(Work to complete) Would you show every line from the records that holds "normrM"?
+ + + + + + +
(* Put sig = s - r and w(q) = |q|^-sig (with |0| = 1).  As |q^alpha| <= |q|^r
   for |alpha| <= r, the hypothesis on a says |(D^alpha u_i)_q| <= C w(q).
   Since sig > d, w is summable over Z^d (it is dominated by a product of d
   one-dimensional p-series of exponent sig/d > 1, summed dyadically), and it
   satisfies the convolution inequality sum_q w(q) w(k - q) <= K w(k): one of
   |q|, |k - q| is at least |k|/2, so the corresponding factor is at most
   2^sig w(k).  Iterating, the l-fold convolution sum of a monomial of degree l
   converges absolutely with sum at most (C K)^l w(k).  The derivative symbols
   are finite sums of the coefficients of partial derivatives of N, multiplied
   by i^|alpha| j^alpha with |j^alpha| <= |j|^r. *)

Lemma ler_sum_uniq_subset {R : numDomainType} {T : eqType} (s1 s2 : seq T)
    (F : T -> R) :
  uniq s1 -> uniq s2 -> {subset s1 <= s2} -> (forall x, 0 <= F x) ->
  \sum_(x <- s1) F x <= \sum_(x <- s2) F x.
Proof.
move=> s1_uniq s2_uniq s12 F_ge0.
have s1E : perm_eq [seq x <- s2 | x \in s1] s1.
  apply: uniq_perm; rewrite ?filter_uniq // => x.
  by rewrite mem_filter andb_idr //; apply: s12.
rewrite -(perm_big _ s1E) big_filter [X in _ <= X](bigID (fun x => x \in s1)).
by rewrite lerDl sumr_ge0.
Qed.

Instance totally_proper (I : choiceType) : ProperFilter (@totally I) :=
  @summability.totally_filter I.

Section unordered_sums.
Variables (R : realType) (I : choiceType).

Definition psum (V : zmodType) (f : I -> V) (J : {fset I}) : V :=
  \sum_(i <- J) f i.

Lemma nonneg_psum_cvg (p : I -> R) (M : R) :
  (forall i, 0 <= p i) -> (forall J, psum p J <= M) -> cvg (psum p @ totally).
Proof.
move=> p_ge0 pM; set E := range (psum p).
have supE : has_sup E.
  by split; [exists (psum p fset0), fset0 | exists M => _ [J _ <-]].
apply/cvg_ex; exists (sup E); apply/cvgrPdist_lt => e e_gt0.
have [_ [J0 _ <-] J0E] := sup_adherent e_gt0 supE.
exists J0 => // J /= /fsubsetP J0J.
have J0_le_J : psum p J0 <= psum p J by apply: ler_sum_uniq_subset; rewrite ?fset_uniq.
have J_le_sup : psum p J <= sup E by apply: sup_upper_bound => //; exists J.
rewrite ger0_norm ?subr_ge0 // ltrBlDr -ltrBlDl.
exact: lt_le_trans J0E J0_le_J.
Qed.

Lemma real_psum_cvg (g : I -> R) (M : R) :
  (forall J, psum (fun i => `|g i|) J <= M) ->
  exists2 l, psum g @ totally --> l & `|l| <= M.
Proof.
move=> gM.
(* g = (|g| + g) - |g| splits g into two nonnegative families. *)
have psumE : psum g = psum (fun i => `|g i| + g i) \- psum (fun i => `|g i|).
  apply/funext => J /=; rewrite /psum -sumrB.
  by apply: eq_bigr => i _; rewrite addrC addKr.
have /cvg_ex[l1 cv1] : cvg (psum (fun i => `|g i| + g i) @ totally).
  apply: (@nonneg_psum_cvg _ (M + M)) => [i|J].
    by have := ler_norm (- g i); rewrite normrN; lra.
  rewrite /psum big_split lerD //; apply: le_trans (gM J) => //.
  by apply: ler_sum => i _; exact: ler_norm.
have /cvg_ex[l2 cv2] : cvg (psum (fun i => `|g i|) @ totally).
  exact: (@nonneg_psum_cvg _ M).
have cv : psum g @ totally --> l1 - l2 by rewrite psumE; exact: cvgB.
exists (l1 - l2) => //; apply: cvgr_to_le (cvg_norm cv) _.
by near=> J; apply: le_trans (gM J); exact: ler_norm_sum.
Unshelve. all: by end_near.
Qed.

End unordered_sums.

Section complex_sums.
Variable R : realType.

Lemma norm_realC (x : R) : `|x%:C| = `|x|%:C :> R[i].
Proof. by rewrite normc_def /= expr0n addr0 sqrtr_sqr. Qed.

Lemma normc_ge_Im (z : R[i]) : `|complex.Im z|%:C <= `|z|.
Proof.
by rewrite -normrN -ReiNIm (le_trans (normc_ge_Re _)) // normrM normCi mulr1.
Qed.

Lemma cvg_realC {T : Type} {F : set_system T} {FF : Filter F} (f : T -> R) (l : R) :
  f @ F --> l -> (fun t => (f t)%:C : Cpl R) @ F --> (l%:C : Cpl R).
Proof.
move=> /cvgrPdist_lt fl; apply/cvgrPdist_lt => e.
rewrite ltcE /= => /andP[/eqP Im_e Re_e_gt0].
have -> : e = (complex.Re e)%:C by apply/eqP; rewrite eq_complex /= Im_e !eqxx.
by apply: filterS (fl _ Re_e_gt0) => t; rewrite -rmorphB norm_realC ltcR.
Qed.

Lemma usum_norm_le (I : choiceType) (f : I -> Cpl R) (M : R) :
  (forall J : {fset I}, \sum_(i <- J) `|f i| <= M%:C) -> `|usum f| <= (M + M)%:C.
Proof.
move=> fM.
have partsM (p : R[i] -> R) : (forall z, `|p z|%:C <= `|z|) ->
    forall J, psum (fun i => `|p (f i)|) J <= M.
  move=> p_le J; rewrite -lecR rmorph_sum; apply: le_trans (fM J).
  by apply: ler_sum => i _; exact: p_le.
have [x cvx xM] := real_psum_cvg (partsM _ (@normc_ge_Re R)).
have [y cvy yM] := real_psum_cvg (partsM _ normc_ge_Im).
have psumE : psum f = fun J => (psum (fun i => complex.Re (f i)) J)%:C
                              + 'i * (psum (fun i => complex.Im (f i)) J)%:C.
  apply/funext => J; rewrite !rmorph_sum mulr_sumr -big_split /=.
  by apply: eq_bigr => i _; rewrite -complexE.
have cv : psum f @ totally --> (x%:C + 'i * y%:C : Cpl R).
  by rewrite psumE; apply: cvgD; [|apply: cvgMl_tmp]; exact: cvg_realC.
rewrite /usum (cvg_lim (@norm_hausdorff _ _) cv).
rewrite (le_trans (ler_normD _ _)) // normrM normCi mul1r !norm_realC.
by rewrite -rmorphD lecR lerD.
Qed.

End complex_sums.

Section riemannR_sums.
Variables (R : realType) (a : R).
Hypothesis a_gt1 : 1 < a.

Let rho : R := 2 `^ (1 - a).

Let rho_gt0 : 0 < rho. Proof. by rewrite powR_gt0. Qed.

Let rho_lt1 : rho < 1.
Proof.
rewrite lt_neqAle powR_eq1 subr_eq0 (lt_eqF a_gt1) orbF.
rewrite -[X in _ <= X](powRr0 2) ler_powR ?ler1n ?subr_le0 ?(ltW a_gt1) //.
by rewrite andbT pnatr_eq1 ltNge ler0n.
Qed.

Lemma riemannR_dyadic_block k :
  \sum_(2 ^ k <= m < 2 ^ k.+1) riemannR a m <= rho ^+ k.
Proof.
have two_k_gt0 : (0 : R) < (2 ^ k)%:R by rewrite ltr0n expn_gt0.
apply: (@le_trans _ _ (\sum_(2 ^ k <= m < 2 ^ k.+1) (((2 ^ k)%:R : R) `^ a)^-1)).
  rewrite big_nat_cond [X in _ <= X]big_nat_cond.
  apply: ler_sum => m /andP[/andP[km _] _] /=.
  rewrite lef_pV2 ?posrE ?powR_gt0 ?ltr0n ?expn_gt0 //.
  rewrite ge0_ler_powR ?nnegrE ?ler0n ?ler_nat ?(leqW km) //.
  exact: le_trans (ltW a_gt1).
have -> : \sum_(2 ^ k <= m < 2 ^ k.+1) (((2 ^ k)%:R : R) `^ a)^-1
    = (2 ^ k)%:R `^ 1 / (2 ^ k)%:R `^ a.
  by rewrite sumr_const_nat expnS mul2n -addnn addnK powRr1 ?ler0n // mulr_natl.
rewrite -powRB; last first.
  by apply/implyP => _; rewrite gt_eqF.
by rewrite natrX -powR_mulrn ?ler0n // powRAC powR_mulrn.
Qed.

Lemma riemannR_dyadic_sum K :
  \sum_(0 <= m < 2 ^ K) riemannR a m <= 1 + \sum_(0 <= k < K) rho ^+ k.
Proof.
elim: K => [|K IH].
  by rewrite expn0 big_nat1 big_geq // addr0 /riemannR mulr1n powR1 invr1.
rewrite (@big_cat_nat _ _ _ (2 ^ K)) //=; last by rewrite leq_pexp2l.
rewrite big_nat_recr //= addrA lerD //; exact: riemannR_dyadic_block.
Qed.

Let B : R := 1 + (1 - rho)^-1.

Lemma riemannR_partial_sum N : \sum_(0 <= m < N) riemannR a m <= B.
Proof.
have riemannR_ge0 m : 0 <= riemannR a m by rewrite invr_ge0 powR_ge0.
apply: (@le_trans _ _ (\sum_(0 <= m < 2 ^ N) riemannR a m)).
  rewrite (@big_cat_nat _ _ _ N _ (2 ^ N)) //=; last exact: ltnW (ltn_expl _ _).
  by rewrite lerDl sumr_ge0.
apply: le_trans (riemannR_dyadic_sum N) _; rewrite lerD2l.
have := geometric_le_lim N ler01 rho_gt0.
rewrite ger0_norm ?(ltW rho_gt0) // mul1r => /(_ rho_lt1).
by under eq_bigr do rewrite -[rho ^+ _]mul1r.
Qed.

Lemma riemannR_uniq_sum (s : seq nat) : uniq s -> \sum_(m <- s) riemannR a m <= B.
Proof.
move=> s_uniq; apply: le_trans (riemannR_partial_sum (\max_(m <- s) m).+1).
rewrite /index_iota subn0; apply: ler_sum_uniq_subset; rewrite ?iota_uniq //.
  move=> m ms; rewrite mem_iota add0n ltnS.
  exact: (@leq_bigmax_seq _ _ xpredT id m ms).
by move=> m; rewrite invr_ge0 powR_ge0.
Qed.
+ + + + + + +
(Result of this exercise)
by rewrite -normrN -ReiNIm (le_trans (normc_ge_Re _)) // normrM normCi mulr1.
rewrite (le_trans (ler_normD _ _)) // normrM normCi mul1r !norm_realC.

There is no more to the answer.